Eastern Phoebes

The Eastern Phoebe, Sayornis phoebe, is a small passerine bird.

Distribution / Habitat:

This tyrant flycatcher breeds in eastern North America, although its normal range does not include the southeastern coastal USA.

It is migratory, wintering in the southernmost USA and Central America. It is a very rare vagrant to western Europe.

The breeding habitat of this bird is open woodland, farmland and suburbs, often near water. This is one of the first birds to return in spring and one of the last to leave in the fall.
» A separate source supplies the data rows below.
(* For $n\ge 2$, $\frac{9}{5}(n-1)\le g(K_3,K_n)\le 2(n-1)$.
   Context: $K_m$ is the complete graph on $m$ vertices. A complete bipartite subgraph of a graph $G$ has two disjoint nonempty vertex classes $X,Y$ and edge set all $xy$ with $x\in X,y\in Y$. For graphs $G,H$, a block is a set $E(B_1)\times E(B_2)$ where $B_1$ is a complete bipartite subgraph of $G$ and $B_2$ a complete bipartite subgraph of $H$; $g(G,H)$ is the minimum number of blocks partitioning $E(G)\times E(H)$. *)

From mathcomp Require Import all_boot all_order.
Set Implicit Arguments. Unset Strict Implicit. Unset Printing Implicit Defensive.

(* A simple graph on a finite vertex type T is given by its edge set
   E : {set {set T}}, each edge being a 2-element subset of T. *)

Definition Kedges (m : nat) : {set {set 'I_m}} :=
  [set e : {set 'I_m} | #|e| == 2].

Definition cbip_edges (T : finType) (X Y : {set T}) : {set {set T}} :=
  [set [set x; y] | x in X, y in Y].

Definition is_cbip (T : finType) (E F : {set {set T}}) : bool :=
  [exists X : {set T}, exists Y : {set T},
    [&& X != set0, Y != set0, [disjoint X & Y],
        [forall x in X, forall y in Y, [set x; y] \in E] &
        F == cbip_edges X Y]].

Definition is_block (T1 T2 : finType) (E1 : {set {set T1}}) (E2 : {set {set T2}})
    (S : {set {set T1} * {set T2}}) : bool :=
  [exists F1 : {set {set T1}}, exists F2 : {set {set T2}},
    [&& is_cbip E1 F1, is_cbip E2 F2 & S == setX F1 F2]].

Definition block_partition (T1 T2 : finType) (E1 : {set {set T1}}) (E2 : {set {set T2}})
    (P : {set {set {set T1} * {set T2}}}) : bool :=
  partition P (setX E1 E2) && [forall S in P, is_block E1 E2 S].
It often nests on human structures such as bridges and buildings. The nest is an open cup with a mud base and lined with moss and grass, built in crevice in a rock or man-made site; 3-8 eggs are laid. Both parents feed the young and usually raise two broods per year.

Diet / Food:

This phoebe is insectivorous, and often perches conspicuously when seeking food items. It also eats fruits and berries in cooler weather.


A perching bird will repetitively pump its tail and this is often a good way to identify the bird.

This species is gray-brown above. It has a white throat, dirty gray breast and yellowish underparts which become whiter during the season. Its lack of an eye ring and wingbars, and its all dark bill distinguish it from other American flycatchers, and it pumps its tail up and down like other phoebes.

Compare the similar Eastern Wood Pewee, which has stronger wing-bars and does not bob its tail habitually.

Call / Song:

The Eastern Phoebe’s call is a sharp chip, and the song, from which it gets its name, is fee-bee.